Use [CountVectorizer](https://scikit-learn.org/stable/modules/generated/sklearn.feature_extraction.text.CountVectorizer.html) to vectorize the text in the DataFrame's "Text" column using a built-in dictionary of stop words. Set `min_df` to 20 to ignore words that appear less than 20 times in the corpus of training text. This reduces the likelihood of out-of-memory errors and will probably make the model more accurate as well. Also use the `ngram_range` parameter to allow `CountVectorizer` to rank word pairs as well as individual words.

In [None]:
from sklearn.feature_extraction.text import CountVectorizer

vectorizer = CountVectorizer(ngram_range = (1, 2), stop_words = 'english', min_df = 20)
x = vectorizer.fit_transform(df['Text'])
y = df['Sentiment']

In addition to creating sparse matrices of vectorized text, `Countvectorizer` converts text to lowercase, removes stop words and punctuation characters, and more. Let's see how it cleans text before vectorizing it by transforming a string, and then reversing the transform.

In [None]:
text = vectorizer.transform(['The long l3ines   and; pOOr customer# service really turned me off...123.'])
text = vectorizer.inverse_transform(text)
print(text)

Split the dataset for training and testing. We'll do a 50/50 split since the dataset contains nearly 50,000 samples.

In [None]:
from sklearn.model_selection import train_test_split

x_train, x_test, y_train, y_test = train_test_split(x, y, test_size=0.5, random_state=0)  

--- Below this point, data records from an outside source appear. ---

Lemma large_sieve_duality (K : Type) (s : seq K) (c : K -> R[i])
    (phi : K -> X -> R[i]) (alpha : X -> R) (D : R) :
  0 <= D -> bounded_measurable alpha ->
  (forall k, cbounded_measurable (phi k)) ->
  (forall x, (alpha x)%:C = \sum_(k <- s) c k * phi k x) ->
  \sum_(k <- s) normsq (cint mu (fun x => (alpha x)%:C * phi k x)) <=
    D * Rintegral mu setT (fun x => alpha x ^+ 2) ->
  Rintegral mu setT (fun x => alpha x ^+ 2) <= D * \sum_(k <- s) normsq (c k).
Proof.
move=> D_ge0 bma bmphi alphaE dual.
set A := Rintegral _ _ _ in dual *.
set I := fun k => cint mu (fun x => (alpha x)%:C * phi k x) in dual *.
have AE : A%:C = \sum_(k <- s) c k * I k.
  rewrite -cint_real.
  transitivity (cint mu (fun x => \sum_(k <- s) c k * ((alpha x)%:C * phi k x))).
    congr cint; apply: funext => x.
    rewrite expr2 rmorphM; under eq_bigr do rewrite mulrCA.
    by rewrite -mulr_sumr -alphaE.
  have bmI k : cbounded_measurable (fun x => (alpha x)%:C * phi k x).
    exact: cbounded_measurableM (cbounded_measurable_real bma) (bmphi k).
  rewrite cint_sum => [|k]; last exact: cbounded_measurableM (cbounded_measurable_cst _) (bmI k).
  by apply: eq_bigr => k _; rewrite cintZl.
apply: le_of_quadratic_bound => // t t_gt0.
have -> : 2 * t * A = \sum_(k <- s) 2 * t * complex.Re (c k * I k).
  by rewrite -mulr_sumr -Re_sum -AE.
apply: le_trans (lerD (lexx _) dual); rewrite mulr_sumr -big_split.
by apply: ler_sum => k _; exact: Re_mul_le_normsq.
Qed.
Lemma inradius_ge_approx E (t : R) : 0 < t ->
  (forall s : R, 0 < s < t -> exists x, cball x s `<=` E) -> (t%:E <= inradius E)%E.
Proof.
move=> t0 balls; have t2 : 0 < t / 2 by rewrite divr_gt0.
have [x xE] : exists x, cball x (t / 2) `<=` E by apply: balls; rewrite t2 /=; lra.
case ha : (inradius E) => [a| |]; last 2 first.
- exact: leey.
- by have := inradius_ge (ltW t2) xE; rewrite ha.
rewrite lee_fin; apply/unstable.ler_ltP => u ut; pose m := Num.max u (t / 2).
have m0 : 0 <= m by rewrite le_max (ltW t2) orbT.
have [y yE] : exists y, cball y m `<=` E.
  by apply: balls; rewrite lt_max t2 orbT /= gt_max ut; lra.
by have := inradius_ge m0 yE; rewrite ha lee_fin; apply: le_trans; rewrite le_max lexx.
Qed.

Lemma outradius_ge_cball E x (s : R) : (0 < n)%N -> 0 <= s ->
  cball x s `<=` E -> (s%:E <= outradius E)%E.
Proof.
move=> n0 s0 xE; apply: le_ereal_inf_tmp => _ [r [r0 [y Ey]] <-].
by rewrite lee_fin; apply: cball_sub_radius_le n0 s0 (subset_trans xE Ey).
Qed.
(* Let $G$ be a reaction network with one-dimensional stoichiometric subspace and let $c^*$ be a total-constant vector. If for a rate-constant vector $\kappa^*$, $G$ has a positive steady state in $\mathcal P_{c^*}$, then: (1) for every $z\in I$, $\phi(\hat\kappa;x_1)$ is well-defined at $z$; (2) for every $k\in\mathcal H\setminus\{\tau\}$, $Y_k(-B_\tau/A_\tau)>0$ (here $-B_\tau/A_\tau$ is the left endpoint of $I$); (3) $\phi(\hat\kappa;x_1)$ is well-defined at the left endpoint of $I$.
   Context: A reaction network $G$ has species $X_1,\dots,X_s$ and $m$ reactions $\sum_{i}\alpha_{ij}X_i\to\sum_i\beta_{ij}X_i$, $\alpha_{ij},\beta_{ij}\in\mathbb Z_{\ge0}$, $(\alpha_{1j},\dots,\alpha_{sj})\neq(\beta_{1j},\dots,\beta_{sj})$. $\mathcal N$ has entries $\beta_{ij}-\alpha_{ij}$, $S=\mathrm{im}\,\mathcal N$. For $\kappa\in\mathbb R^m_{>0}$, $f(\kappa;x)=\mathcal N(\kappa_1\prod_i x_i^{\alpha_{i1}},\dots,\kappa_m\prod_i x_i^{\alpha_{im}})^\top$. Since $S$ is one-dimensional, species are labelled so that $\beta_{11}-\alpha_{11}\ne0$, and there are $\lambda_j\ne0$ ($\lambda_1=1$) with $\beta_{ij}-\alpha_{ij}=\lambda_j(\beta_{i1}-\alpha_{i1})$. For $c\in\mathbb R^{s-1}$, $\mathcal P_c=\{x\in\mathbb R^s_{\ge0}:(\beta_{i1}-\alpha_{i1})x_1-(\beta_{11}-\alpha_{11})x_i=c_{i-1},\ i=2,\dots,s\}$. A positive steady state is $x\in\mathbb R^s_{>0}$ with $f(\kappa;x)=0$. Notation for $c^*$: $A_1=1,B_1=0$, $A_i=\frac{\beta_{i1}-\alpha_{i1}}{\beta_{11}-\alpha_{11}}$, $B_i=-\frac{c^*_{i-1}}{\beta_{11}-\alpha_{11}}$ ($i\ge2$). $[i]=\{k:A_k\ne0,B_k/A_k=B_i/A_i\}$ if $A_i\ne0$, $[i]=\{k:A_k=0\}$ otherwise; species labelled so that $1,\dots,r$ represent the $r$ distinct classes. $\varphi_k=\min_j\sum_{i\in[k]}\alpha_{ij}$, $\gamma_{kj}=\sum_{i\in[k]}\alpha_{ij}-\varphi_k$. $\mathcal J=\{i:A_i\ne0\}$, $\mathcal H=\{k\in\{1,\dots,r\}\cap\mathcal J:\gamma_{k1},\dots,\gamma_{km}\text{ not all equal}\}$. Standing assumption: if for some rate constants $G$ has $N$ positive steady states in $\mathcal P_{c^*}$ with $0<N<\infty$, species are labelled so that $1\in\mathcal H$. $I_i=(-B_i/A_i,+\infty)$ if $A_i>0$, $(0,+\infty)$ if $A_i=0$, $(0,-B_i/A_i)$ if $A_i<0$; $I=\bigcap_{k\in\mathcal H}I_k$; $\tau$ is the index in $\mathcal H$ with $A_\tau>0$ such that $-B_\tau/A_\tau$ is the left endpoint of $I$. $Y_i(x_1)=(A_ix_1+B_i)/|A_i|$ if $i\in\mathcal J$, $1$ otherwise; $\mathcal C_j=\prod_{i\in\mathcal J}|A_i|^{\alpha_{ij}}\prod_{i\notin\mathcal J}B_i^{\alpha_{ij}}$; $P_j(x_1)=\mathcal C_j\prod_{k\in\mathcal H}Y_k(x_1)^{\gamma_{kj}}$; $\ell$ is an index $j$ minimizing $\gamma_{\tau j}$; $\hat\kappa=(\kappa_1,\dots,\kappa_{\ell-1},\kappa_{\ell+1},\dots,\kappa_m)$ and $\phi(\hat\kappa;x_1)=-\frac{\sum_{j\neq\ell}\lambda_j\kappa_jP_j(x_1)}{\lambda_\ell P_\ell(x_1)}$; $\phi$ is well-defined at $z$ if $P_\ell(z)\neq0$. *)

From HB Require Import structures.
From mathcomp Require Import all_boot all_order all_algebra.
Set Implicit Arguments. Unset Strict Implicit. Unset Printing Implicit Defensive.
Import Order.TTheory GRing.Theory Num.Theory.
Local Open Scope ring_scope.

(* Conventions: species X_1..X_s are indexed by 'I_(s.+1) (so there are s.+1
   species; X_1 is ord0), reactions 1..m by 'I_(m.+1) (reaction 1 is ord0).
   The total-constant vector c has s components (c_1..c_{s}, indexed by 'I_s),
   c_{i-1} being attached to species i >= 2, i.e. species (lift ord0 i'). *)

Section ReactionNetwork.
Variables (R : realFieldType) (s m : nat).
Variables (alpha beta : 'I_s.+1 -> 'I_m.+1 -> nat).

Definition Nst (i : 'I_s.+1) (j : 'I_m.+1) : R := (beta i j)%:R - (alpha i j)%:R.
Definition Nmx : 'M[R]_(s.+1, m.+1) := \matrix_(i, j) Nst i j.

Definition fvec (kappa : 'I_m.+1 -> R) (x : 'I_s.+1 -> R) (i : 'I_s.+1) : R :=
  \sum_(j < m.+1) Nst i j * (kappa j * \prod_(i' < s.+1) x i' ^+ alpha i' j).

Definition positive_steady_state (kappa : 'I_m.+1 -> R) (x : 'I_s.+1 -> R) :=
  (forall i, 0 < x i) /\ (forall i, fvec kappa x i = 0).

Variable c : 'I_s -> R.

Definition in_Pc (x : 'I_s.+1 -> R) :=
  (forall i, 0 <= x i) /\
  (forall i' : 'I_s,
     Nst (lift ord0 i') ord0 * x ord0 - Nst ord0 ord0 * x (lift ord0 i') = c i').

Definition A (i : 'I_s.+1) : R :=
  if i == ord0 then 1 else Nst i ord0 / Nst ord0 ord0.
Definition B (i : 'I_s.+1) : R :=
  if unlift ord0 i is Some i' then - c i' / Nst ord0 ord0 else 0.

Definition cls (i : 'I_s.+1) : {set 'I_s.+1} :=
  if A i != 0 then [set k | (A k != 0) && (B k / A k == B i / A i)]
  else [set k | A k == 0].

Definition classes_represented (r : nat) :=
  [/\ (r <= s.+1)%N,
      (forall i j : 'I_s.+1, (i < r)%N -> (j < r)%N -> i != j -> cls i != cls j)
    & (forall k : 'I_s.+1, exists2 i : 'I_s.+1, (i < r)%N & k \in cls i)].

Definition varphi (k : 'I_s.+1) : nat :=
  \big[minn/(\sum_(i in cls k) alpha i ord0)%N]_(j < m.+1) (\sum_(i in cls k) alpha i j)%N.
Definition gam (k : 'I_s.+1) (j : 'I_m.+1) : nat :=
  ((\sum_(i in cls k) alpha i j) - varphi k)%N.

Definition inJ (i : 'I_s.+1) : bool := A i != 0.

Definition Hset (r : nat) : {set 'I_s.+1} :=
  [set k : 'I_s.+1 | [&& (k < r)%N, inJ k &
                       [exists j, exists j', gam k j != gam k j']]].

Definition Iint (i : 'I_s.+1) (z : R) : bool :=
  if 0 < A i then - B i / A i < z
  else if A i == 0 then 0 < z
  else (0 < z) && (z < - B i / A i).

Definition inI (r : nat) (z : R) : Prop := forall k, k \in Hset r -> Iint k z.

Definition is_left_endpoint (S : R -> Prop) (e : R) :=
  (forall z, S z -> e <= z) /\
  (forall e', (forall z, S z -> e' <= z) -> e' <= e).

Definition Y (i : 'I_s.+1) (x : R) : R :=
  if inJ i then (A i * x + B i) / `|A i| else 1.

Definition Cc (j : 'I_m.+1) : R :=
  (\prod_(i | inJ i) `|A i| ^+ alpha i j) * (\prod_(i | ~~ inJ i) B i ^+ alpha i j).

Definition Ppoly (r : nat) (j : 'I_m.+1) (x : R) : R :=
  Cc j * \prod_(k in Hset r) Y k x ^+ gam k j.

Definition phi_well_defined (r : nat) (ell : 'I_m.+1) (z : R) : Prop :=
  Ppoly r ell z != 0.

End ReactionNetwork.

From Pilot Require Import Defs.
From HB Require Import structures.
From mathcomp Require Import all_boot all_order all_algebra.
From mathcomp Require Import ring.
Set Implicit Arguments. Unset Strict Implicit. Unset Printing Implicit Defensive.
Import Order.TTheory GRing.Theory Num.Theory.
Local Open Scope ring_scope.

(* A point x of P_c lies on the line x_i = A_i x_1 + B_i, so a positive steady
   state makes every A_i x_1 + B_i positive: B_i > 0 off J (hence C_j > 0) and
   x_1 lies in I.  For z in I every factor Y_k(z), k in H, is positive.  At the
   left endpoint e = -B_tau/A_tau only Y_tau vanishes: for k in H with k <> tau
   the root -B_k/A_k differs from e (k and tau represent distinct classes), and
   it lies strictly on the correct side of e because I is nonempty.  Finally
   gamma_{tau ell} = 0 since the minimum defining varphi_tau is attained, so the
   vanishing factor of P_ell enters with exponent 0. *)

Section AffineSign.
Variable R : realFieldType.

Lemma affine_gt0_pos (a b z : R) : 0 < a -> (0 < a * z + b) = (- b / a < z).
Proof.
move=> a_gt0; have a_neq0 : a != 0 by rewrite gt_eqF.
have -> : a * z + b = a * (z - - b / a) by field.
by rewrite pmulr_rgt0 // subr_gt0.
Qed.

Lemma affine_gt0_neg (a b z : R) : a < 0 -> (0 < a * z + b) = (z < - b / a).
Proof.
move=> a_lt0; have a_neq0 : a != 0 by rewrite lt_eqF.
have -> : a * z + b = a * (z - - b / a) by field.
by rewrite nmulr_rgt0 // subr_lt0.
Qed.

End AffineSign.

Section OneDimensionalNetwork.
Variables (R : realFieldType) (s m : nat) (alpha beta : 'I_s.+1 -> 'I_m.+1 -> nat).
Variable c : 'I_s -> R.

Local Notation A := (A R alpha beta).
Local Notation B := (B alpha beta c).
Local Notation inJ := (inJ R alpha beta).
Local Notation Iint := (Iint alpha beta c).
Local Notation inI := (inI alpha beta c).
Local Notation Y := (Y alpha beta c).
Local Notation Hset := (Hset alpha beta c).
Local Notation gam := (gam alpha beta c).
Local Notation cls := (cls alpha beta c).

Lemma in_Pc_affine x : Nst R alpha beta ord0 ord0 != 0 ->
  in_Pc alpha beta c x -> forall i, x i = A i * x ord0 + B i.
Proof.
move=> N00_neq0 [_ x_line] i; rewrite /Defs.A /Defs.B.
case: (unliftP ord0 i) => [i'|] ->; last by rewrite eqxx mul1r addr0.
by rewrite eq_sym (negbTE (neq_lift _ _)) -(x_line i'); field.
Qed.

Lemma mem_Hset r k : k \in Hset r -> (k < r)%N /\ inJ k.
Proof. by rewrite inE => /and3P[]. Qed.

Lemma Y_gt0E k z : inJ k -> (0 < Y k z) = (0 < A k * z + B k).
Proof. by move=> kJ; rewrite /Defs.Y kJ pmulr_lgt0 // invr_gt0 normr_gt0. Qed.

Lemma Iint_affine_gt0 k z : inJ k -> Iint k z -> 0 < A k * z + B k.
Proof.
rewrite /Defs.Iint /inJ => kJ; rewrite (negbTE kJ).
case: ltgtP kJ => // [A_gt0 _|A_lt0 _ /andP[_]].
- by rewrite affine_gt0_pos.
- by rewrite affine_gt0_neg.
Qed.

Lemma affine_gt0_Iint k z : 0 < z -> 0 < A k * z + B k -> Iint k z.
Proof.
rewrite /Defs.Iint => z_gt0 affine_gt0; case: ltgtP => [A_gt0|A_lt0|//].
- by rewrite -affine_gt0_pos.
- by rewrite z_gt0 -affine_gt0_neg.
Qed.

Lemma root_neq_of_cls_neq k l : inJ k -> inJ l -> cls k != cls l ->
  - B k / A k != - B l / A l.
Proof.
rewrite /Defs.inJ => kJ lJ; apply: contra.
rewrite !mulNr => /eqP/oppr_inj roots_eq.
by rewrite /Defs.cls kJ lJ roots_eq.
Qed.

Lemma Y_gt0_at_left_endpoint r k e z0 : k \in Hset r ->
  is_left_endpoint (inI r) e -> inI r z0 -> - B k / A k != e -> 0 < Y k e.
Proof.
move=> kH [e_lb e_glb] z0I root_neq_e; have [_ kJ] := mem_Hset kH.
rewrite Y_gt0E //; have := kJ; rewrite /inJ.
case: (ltgtP (A k) 0) => // [A_lt0|A_gt0] _.
- rewrite affine_gt0_neg //; apply: le_lt_trans (e_lb _ z0I) _.
  by have := z0I k kH; rewrite /Defs.Iint ltNge (ltW A_lt0) lt_eqF // => /andP[].
- rewrite affine_gt0_pos // lt_neqAle root_neq_e /=.
  by apply: e_glb => z zI; have := zI k kH; rewrite /Defs.Iint A_gt0 => /ltW.
Qed.

Lemma varphi_attained k :
  exists j, varphi alpha beta c k = (\sum_(i in cls k) alpha i j)%N.
Proof.
apply: (big_ind (fun v => exists j, v = \sum_(i in cls k) alpha i j)%N).
- by exists ord0.
- by move=> _ _ [j1 ->] [j2 ->]; rewrite /minn; case: ifP; eexists.
- by move=> j _; exists j.
Qed.

Lemma gam_argmin_eq0 k l : (forall j, gam k l <= gam k j)%N -> gam k l = 0%N.
Proof.
move=> l_min; have [j varphi_j] := varphi_attained k.
by apply/eqP; rewrite -leqn0 (leq_trans (l_min j)) // /Defs.gam -varphi_j subnn.
Qed.

Lemma Ppoly_gt0 r j z : 0 < Cc alpha beta c j ->
  (forall k, k \in Hset r -> (0 < gam k j)%N -> 0 < Y k z) ->
  0 < Ppoly alpha beta c r j z.
Proof.
move=> Cc_gt0 Y_gt0; rewrite /Ppoly mulr_gt0 //; apply: prodr_gt0 => k kH.
by case: (posnP (gam k j)) => [->|gam_gt0]; rewrite ?expr0 ?exprn_gt0 ?Y_gt0.
Qed.

Section SteadyState.
Variables (x : 'I_s.+1 -> R) (kappa : 'I_m.+1 -> R).
Hypothesis N00_neq0 : Nst R alpha beta ord0 ord0 != 0.
Hypothesis x_in_Pc : in_Pc alpha beta c x.
Hypothesis x_steady : positive_steady_state alpha beta kappa x.

Lemma steady_state_affine_gt0 i : 0 < A i * x ord0 + B i.
Proof. by rewrite -in_Pc_affine //; case: x_steady. Qed.

Lemma steady_state_Cc_gt0 j : 0 < Cc alpha beta c j.
Proof.
rewrite /Cc mulr_gt0 //; apply: prodr_gt0 => i iJ; apply: exprn_gt0.
  by rewrite normr_gt0.
move: iJ (steady_state_affine_gt0 i); rewrite negbK => /eqP->.
by rewrite mul0r add0r.
Qed.

Lemma steady_state_inI r : inI r (x ord0).
Proof.
move=> k _; apply: affine_gt0_Iint (steady_state_affine_gt0 k).
by case: x_steady.
Qed.

End SteadyState.
End OneDimensionalNetwork.

Theorem lemma5p12 (R : realFieldType) (s m : nat)
  (alpha beta : 'I_s.+1 -> 'I_m.+1 -> nat) (cstar : 'I_s -> R)
  (r : nat) (tau : 'I_s.+1) (ell : 'I_m.+1) (kstar : 'I_m.+1 -> R) :
  (* reactions: reactant and product complexes differ *)
  (forall j, exists i, alpha i j != beta i j) ->
  (* one-dimensional stoichiometric subspace *)
  \rank (Nmx R alpha beta) = 1%N ->
  (* labelling: beta_11 - alpha_11 <> 0 *)
  Nst R alpha beta ord0 ord0 != 0 ->
  (* species 1..r represent the r distinct classes *)
  classes_represented alpha beta cstar r ->
  (* tau: index in H with A_tau > 0 and -B_tau/A_tau the left endpoint of I *)
  tau \in Hset alpha beta cstar r ->
  0 < A R alpha beta tau ->
  is_left_endpoint (inI alpha beta cstar r)
    (- B alpha beta cstar tau / A R alpha beta tau) ->
  (* ell minimizes gamma_{tau j} *)
  (forall j, (gam alpha beta cstar tau ell <= gam alpha beta cstar tau j)%N) ->
  (* kappa* positive, with a positive steady state in P_{c*} *)
  (forall j, 0 < kstar j) ->
  (exists x, in_Pc alpha beta cstar x /\ positive_steady_state alpha beta kstar x) ->
  [/\ (forall z, inI alpha beta cstar r z -> phi_well_defined alpha beta cstar r ell z),
      (forall k, k \in Hset alpha beta cstar r -> k != tau ->
         0 < Y alpha beta cstar k (- B alpha beta cstar tau / A R alpha beta tau))
    & phi_well_defined alpha beta cstar r ell (- B alpha beta cstar tau / A R alpha beta tau)].
Proof.
move=> _ _ N00_neq0 [_ cls_neq _] tauH _ e_left ell_min _ [x [xP x_steady]].
have Cc_gt0 := steady_state_Cc_gt0 N00_neq0 xP x_steady.
have x1_in_I := steady_state_inI N00_neq0 xP x_steady (r := r).
have [tau_lt_r tauJ] := mem_Hset tauH.
have Y_gt0_e k : k \in Hset alpha beta cstar r -> k != tau ->
    0 < Y alpha beta cstar k (- B alpha beta cstar tau / A R alpha beta tau).
  move=> kH k_neq_tau; have [k_lt_r kJ] := mem_Hset kH.
  apply: Y_gt0_at_left_endpoint kH e_left x1_in_I _.
  exact/root_neq_of_cls_neq/cls_neq.
split=> [z zI||]; rewrite ?/phi_well_defined ?gt_eqF //.
- apply: Ppoly_gt0 => // k kH _; have [_ kJ] := mem_Hset kH.
  by rewrite Y_gt0E // Iint_affine_gt0 // zI.
- apply: Ppoly_gt0 => // k kH gam_gt0; apply: Y_gt0_e => //.
  by apply: contraTneq gam_gt0 => ->; rewrite gam_argmin_eq0.
Qed.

## Train a logistic-regression model

The next step is to train a classifier. We use scikit-learn's [LogisticRegression](https://scikit-learn.org/stable/modules/generated/sklearn.linear_model.LogisticRegression.html) classifier, which uses [logistic regression](https://en.wikipedia.org/wiki/Logistic_regression) to fit a model to the data.

In [None]:
from sklearn.linear_model import LogisticRegression

model = LogisticRegression(max_iter = 1000, random_state = 0)
model.fit(x_train, y_train)

Validate the trained model with the 50% of the dataset aside for testing and show a confusion matrix.

In [None]:
%matplotlib inline
from sklearn.metrics import ConfusionMatrixDisplay as cmd

cmd.from_estimator(model, x_test, y_test,
                   display_labels=['Negative', 'Positive'],
                   cmap='Blues', xticks_rotation='vertical')

The model correctly identified 10,795 negative reviews while misclassifying 1,574 of them. It correctly identified 10,966 positive reviews and got it wrong 1,456 times.

## Use the model to analyze text

Let us score a review by vectorizing the text of that review and passing it to the model's `predict_proba` method. Are the results consistent with what you would expect?

In [None]:
review = 'The long lines and poor customer service really turned me off.'
model.predict_proba(vectorizer.transform([review]))[0][1]

Now score a more positive review and see if the model agrees that the sentiment is positive.

In [None]:
review = 'The food was great and the service was excellent!'
model.predict_proba(vectorizer.transform([review]))[0][1]

Feel free to try sentences of your own and see if you agree with the sentiment scores the model predicts. It’s not perfect, but it’s good enough that if you run hundreds of reviews or comments through it, you should get a reliable indication of the positivity or negativity expressed in the text.

## References
* Applied Machine Learning and AI for Engineers, Jeff Prosise, O'Reilly Media, Inc., November 2022, 425 pages.